2. `task_name` (OPTIONAL, string). A pretty name fo the model taks, for example "Object Classification".

2. `dataset` (list). There can be multiple results [^2]. For each result the following fields are present.

1. `type` (REQUIRED, string). The type of the dataset, can be a dataset id from [HuggingFace datasets](https://hf.co/datasets)
or any other link to a repository containing the dataset[^3], for example "common_voice".
2. `name` (REQUIRED, string). Name pretty name for the dataset, for example "Common Voice (French)".
3. `split` (OPTIONAL, string). The split of the dataset, for example "train".
4. `features` (OPTIONAL, list[string]). List of feature names.
5. `revision` (OPTIONAL, string). Version of the dataset, for example 5503434ddd753f426f4b38109466949a1217c2bb.

3. `metrics` (list). There can be multiple metrics. For each metric the following fields are present.

1. `type` (REQUIRED, string). A metric-id from [Hugging Face metrics](https://hf.co//metrics)[^4], for example accuracy.
2. `name` (REQUIRED, string). A descriptive name of the metric. For example "false positive rate" is
not a descriptive name, but "training false positive rate w.r.t class x" is.
3. `dtype` (REQUIRED, string). The data type of the metric, for example `float`.
4. `value` (REQUIRED, float). The value of the metric.
5. `class` (OPTIONAL, string/int/float/bool). Some metrics (such as false positive rate for multiclass classification)
depend on a specific output class. In this field the output class can be specified. It must only be set for metrics
for which it makes sense.
6. `labels` (list). Metrics can be computed for example on subgroups of specific features.
For example one can compute the accuracy for examples where the feature "gender" is set to "male".
There can be multiple subgroups, which means that the metric is computed on the intersection of those subgroups.
For each subgroup the following fields are present.

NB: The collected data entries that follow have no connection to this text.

Lemma cycle_pos_lt k : cycle_pos k < n.
Proof.
have ck : fconnect s (cycle_max k) k by rewrite (fconnect_sym s_inj) fconnect_cycle_max.
by rewrite -[n]card_ord (leq_trans (findex_max ck)) ?max_card.
Qed.

Lemma cycle_pos_step k : s k != cycle_max k -> cycle_pos (s k) = (cycle_pos k).+1.
Proof.
move=> sk_neq; rewrite /cycle_pos cycle_max_step; set c := cycle_max k.
have ck : fconnect s c k by rewrite (fconnect_sym s_inj) fconnect_cycle_max.
have -> : s k = iter (findex s c k).+1 s c by rewrite iterS iter_findex.
rewrite findex_iter // ltn_neqAle findex_max // andbT.
apply: contraNneq sk_neq => ord_eq.
by rewrite -[in X in X == _](iter_findex ck) -iterS ord_eq iter_order.
Qed.

Lemma cycle_rank_lt_max x y :
  cycle_max x < cycle_max y -> cycle_rank x < cycle_rank y.
Proof.
move=> lt_xy; have pos_y := cycle_pos_lt y.
have : n * (cycle_max x).+1 <= n * cycle_max y by rewrite leq_mul2l lt_xy orbT.
rewrite /cycle_rank mulnS; lia.
Qed.

Lemma cycle_rank_step k : s k != cycle_max k -> cycle_rank (s k) < cycle_rank k.
Proof.
move=> sk_neq; have pos_sk := cycle_pos_lt (s k).
rewrite /cycle_rank cycle_max_step cycle_pos_step // in pos_sk *; lia.
Qed.

End CycleMax.

Section NextIn.

Variables (n : nat) (K : pred 'I_n.+1).
Hypothesis K_max : K ord_max.

Definition next_in (k : 'I_n.+1) : 'I_n.+1 :=
  [arg min_(x < ord_max | K x && (k < x)) (x : nat)].

Lemma next_inP k : k != ord_max ->
  [/\ K (next_in k), k < next_in k & forall x, K x -> k < x -> next_in k <= x].
Proof.
move=> k_neq; rewrite /next_in; case: arg_minnP => [|x /andP[Kx lt_kx] min_x].
  by rewrite K_max ltn_neqAle -ltnS ltn_ord andbT -val_eqE in k_neq *.
by split=> // y Ky lt_ky; apply: min_x; rewrite Ky.
Qed.

Lemma next_in_inj a b : a != ord_max -> b != ord_max -> K a -> K b ->
  next_in a = next_in b -> a = b.
Proof.
wlog lt_ab : a b / a < b => [hwlog a_neq b_neq Ka Kb eq_ab|a_neq b_neq _ Kb].
  case: (ltngtP a b) => [/hwlog|/hwlog|/val_inj//]; first exact.
  by move=> /(_ b_neq a_neq Kb Ka (esym eq_ab)).
have [_ _ min_a] := next_inP a_neq; have [_ lt_b _] := next_inP b_neq.
by move=> eq_ab; have := min_a b Kb lt_ab; rewrite eq_ab leqNgt lt_b.
Qed.

End NextIn.

Lemma notin_codom_exists (T T' : finType) (f : T -> T') :
  injective f -> #|T| < #|T'| -> exists y, y \notin codom f.
Proof.
move=> f_inj lt_card; have /card_gt0P[y] : 0 < #|[predC codom f]|.
  by rewrite -(ltn_add2l #|codom f|) cardC addn0 card_codom.
by exists y.
Qed.

Lemma ord_ltn_eqF n (x y : 'I_n) : x < y -> (x == y) = false.
Proof. by move=> lt_xy; rewrite -val_eqE ltn_eqF. Qed.

Lemma ord_gtn_eqF n (x y : 'I_n) : y < x -> (x == y) = false.
Proof. by move=> lt_yx; rewrite -val_eqE gtn_eqF. Qed.

Section MaximalMinors.

Local Open Scope ring_scope.

Lemma det_rank_trig (R : comNzRingType) k (A : 'M[R]_k) (rank : 'I_k -> nat) :
    (forall i l, l != i -> A i l != 0 -> (rank l < rank i)%N) ->
  \det A = \prod_i A i i.
Proof.
move=> A_trig; rewrite /determinant (bigD1 1%g) //= odd_perm1 expr0 mul1r.
rewrite [X in _ + X]big1 ?addr0 => [|s s_neq1].
  by apply: eq_bigr => i _; rewrite perm1.
have [[i /eqP Ai0]|A_nz] := altP (@existsP _ (fun i => A i (s i) == 0)).
  by rewrite (bigD1 i) //= Ai0 mul0r mulr0.
(* A permutation s with all A i (s i) nonzero never raises the rank, and lowers
   it where it moves an index: impossible, as the total rank is preserved. *)
exfalso; have [i si_neq] : exists i, s i != i.
  apply/existsP; apply: contraR s_neq1 => /existsPn s_id.
  by apply/eqP/permP => x; rewrite perm1; apply/eqP; rewrite -[_ == _]negbK s_id.
have le_rank x : (rank (s x) <= rank x)%N.
  have [->//|sx_neq] := eqVneq (s x) x.
  by apply/ltnW/A_trig/(existsPn A_nz x).
have : (\sum_x rank (s x) < \sum_x rank x)%N.
  rewrite (bigD1 i) //= [X in (_ < X)%N](bigD1 i) //= -addSn leq_add //.
    exact/A_trig/(existsPn A_nz i).
  exact: leq_sum.
by rewrite [X in (_ < X)%N](reindex_inj (@perm_inj _ s)) ltnn.
Qed.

1. `name` (OPTIONAL, string). The name of the feature. For example: "gender".
2. `type` (OPTIONAL, string). The datatype of the feature, for example `float`. If `name` is set, this field
must be set as well.
3. `value` (OPTIONAL, string). The value of the feature. If `name` is set, this field must be set as wel.
For example: "male".

4. `measurements`.

1. `bar_plots` (list). The purpose of this field is to capute bar plot like measurements, for example SHAP values.
There can be multiple bar plots. For each bar plot the following fields are present.

1. `type` (REQUIRED, string). The type of bar plot, for example "SHAP".
2. `name` (OPTIONAL, string). A pretty name for the plot, for example "Mean Absolute SHAP Values".
3. `results` (list). The contents of the bar plot. A result represents a bar. There can be mutiple results.
For each result the following fields are present.
1. `name` (REQUIRED, string). The name of bar.
2. `value` (REQUIRED, float). The value of the corresponding bar.

2. `graph_plots` (list). The purpose of this field is to capture graph plot like measurements, such as partial dependence
plots.
There can be multiple graph plots. For each graph plot the following fields are present.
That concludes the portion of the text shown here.